▶ [PROBLEM STATEMENT] In the records, find every line with the word "TQuery" and copy it out.

◆ ◆ ◆

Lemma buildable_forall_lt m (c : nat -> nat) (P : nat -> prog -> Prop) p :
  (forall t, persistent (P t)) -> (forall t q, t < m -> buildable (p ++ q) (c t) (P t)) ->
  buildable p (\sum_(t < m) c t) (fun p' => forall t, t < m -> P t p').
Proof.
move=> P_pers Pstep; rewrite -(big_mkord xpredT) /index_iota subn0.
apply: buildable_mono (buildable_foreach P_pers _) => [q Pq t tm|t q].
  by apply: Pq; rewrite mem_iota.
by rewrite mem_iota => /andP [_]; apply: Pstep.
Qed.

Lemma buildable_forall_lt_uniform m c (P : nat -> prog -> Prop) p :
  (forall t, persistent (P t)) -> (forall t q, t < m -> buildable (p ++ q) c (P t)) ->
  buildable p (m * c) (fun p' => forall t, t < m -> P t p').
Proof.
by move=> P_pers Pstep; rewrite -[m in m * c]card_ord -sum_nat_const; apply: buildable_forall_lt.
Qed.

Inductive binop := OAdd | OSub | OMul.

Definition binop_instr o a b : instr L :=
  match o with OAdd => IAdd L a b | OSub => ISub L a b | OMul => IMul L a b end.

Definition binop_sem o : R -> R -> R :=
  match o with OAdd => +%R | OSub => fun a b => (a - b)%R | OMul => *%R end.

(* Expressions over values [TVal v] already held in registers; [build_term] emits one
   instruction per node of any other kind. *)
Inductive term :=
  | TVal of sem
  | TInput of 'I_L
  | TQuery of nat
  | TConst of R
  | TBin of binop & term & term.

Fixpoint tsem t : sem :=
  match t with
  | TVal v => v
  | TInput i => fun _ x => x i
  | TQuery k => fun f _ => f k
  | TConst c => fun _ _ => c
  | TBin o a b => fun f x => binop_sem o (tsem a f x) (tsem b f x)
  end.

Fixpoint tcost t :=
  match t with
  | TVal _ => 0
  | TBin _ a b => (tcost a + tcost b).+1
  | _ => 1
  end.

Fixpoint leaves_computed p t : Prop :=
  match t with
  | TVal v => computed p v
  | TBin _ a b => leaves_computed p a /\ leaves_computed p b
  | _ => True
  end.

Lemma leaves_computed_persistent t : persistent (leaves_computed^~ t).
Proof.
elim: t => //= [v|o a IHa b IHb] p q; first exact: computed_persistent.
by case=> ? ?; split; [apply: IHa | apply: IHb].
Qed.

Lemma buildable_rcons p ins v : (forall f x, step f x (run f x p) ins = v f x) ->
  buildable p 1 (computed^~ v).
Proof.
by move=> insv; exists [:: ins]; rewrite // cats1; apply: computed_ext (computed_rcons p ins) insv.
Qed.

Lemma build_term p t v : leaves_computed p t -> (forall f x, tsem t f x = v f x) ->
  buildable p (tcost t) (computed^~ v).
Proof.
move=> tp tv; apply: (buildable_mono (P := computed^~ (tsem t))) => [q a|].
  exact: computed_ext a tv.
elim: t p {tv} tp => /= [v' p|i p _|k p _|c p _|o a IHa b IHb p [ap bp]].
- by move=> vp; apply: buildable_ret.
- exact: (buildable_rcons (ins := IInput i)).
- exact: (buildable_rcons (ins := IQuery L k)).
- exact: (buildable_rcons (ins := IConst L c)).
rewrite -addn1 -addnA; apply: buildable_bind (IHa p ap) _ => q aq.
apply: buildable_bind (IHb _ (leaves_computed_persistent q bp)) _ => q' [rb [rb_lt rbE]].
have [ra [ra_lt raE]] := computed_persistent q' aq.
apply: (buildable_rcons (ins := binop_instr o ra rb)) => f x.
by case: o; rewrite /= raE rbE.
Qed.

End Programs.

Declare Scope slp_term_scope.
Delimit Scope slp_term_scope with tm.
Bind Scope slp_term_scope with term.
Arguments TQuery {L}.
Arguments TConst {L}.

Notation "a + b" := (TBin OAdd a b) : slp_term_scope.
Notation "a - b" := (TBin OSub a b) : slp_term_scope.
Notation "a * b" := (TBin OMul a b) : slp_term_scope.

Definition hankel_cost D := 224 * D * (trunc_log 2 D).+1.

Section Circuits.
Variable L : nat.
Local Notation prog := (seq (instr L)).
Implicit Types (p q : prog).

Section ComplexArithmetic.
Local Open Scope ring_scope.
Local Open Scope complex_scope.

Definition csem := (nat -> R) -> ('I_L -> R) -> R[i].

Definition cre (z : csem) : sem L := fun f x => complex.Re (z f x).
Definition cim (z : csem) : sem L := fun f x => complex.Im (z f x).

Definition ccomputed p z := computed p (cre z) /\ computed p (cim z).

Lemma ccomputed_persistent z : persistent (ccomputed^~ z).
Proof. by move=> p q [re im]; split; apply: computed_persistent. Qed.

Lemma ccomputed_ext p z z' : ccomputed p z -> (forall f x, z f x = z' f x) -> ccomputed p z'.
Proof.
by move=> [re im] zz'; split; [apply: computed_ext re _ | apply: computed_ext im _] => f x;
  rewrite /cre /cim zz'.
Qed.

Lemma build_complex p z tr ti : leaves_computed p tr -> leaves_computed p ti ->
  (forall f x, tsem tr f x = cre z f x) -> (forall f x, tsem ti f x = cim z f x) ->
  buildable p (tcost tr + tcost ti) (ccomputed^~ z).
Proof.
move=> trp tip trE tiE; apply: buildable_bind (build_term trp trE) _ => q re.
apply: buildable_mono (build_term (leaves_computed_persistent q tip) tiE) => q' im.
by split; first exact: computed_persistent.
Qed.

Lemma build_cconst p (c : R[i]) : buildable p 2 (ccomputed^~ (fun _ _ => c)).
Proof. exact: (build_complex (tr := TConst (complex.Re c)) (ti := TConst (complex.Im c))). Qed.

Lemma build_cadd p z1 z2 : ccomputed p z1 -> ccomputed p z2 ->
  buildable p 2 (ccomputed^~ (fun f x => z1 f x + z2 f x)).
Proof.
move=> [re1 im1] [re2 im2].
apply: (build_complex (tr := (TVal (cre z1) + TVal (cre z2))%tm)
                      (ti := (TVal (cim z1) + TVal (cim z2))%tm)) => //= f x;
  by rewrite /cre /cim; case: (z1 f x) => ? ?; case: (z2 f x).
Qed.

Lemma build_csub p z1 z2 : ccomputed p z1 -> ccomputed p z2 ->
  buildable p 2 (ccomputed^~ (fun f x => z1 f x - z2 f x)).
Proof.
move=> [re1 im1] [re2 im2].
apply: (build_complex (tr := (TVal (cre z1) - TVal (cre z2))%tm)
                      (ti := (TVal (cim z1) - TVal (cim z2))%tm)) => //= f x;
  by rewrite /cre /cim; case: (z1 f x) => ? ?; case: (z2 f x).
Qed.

◆ ◆ ◆

▶ [EXERCISE RESPONSE]
  | TQuery of nat
  | TQuery k => fun f _ => f k
Arguments TQuery {L}.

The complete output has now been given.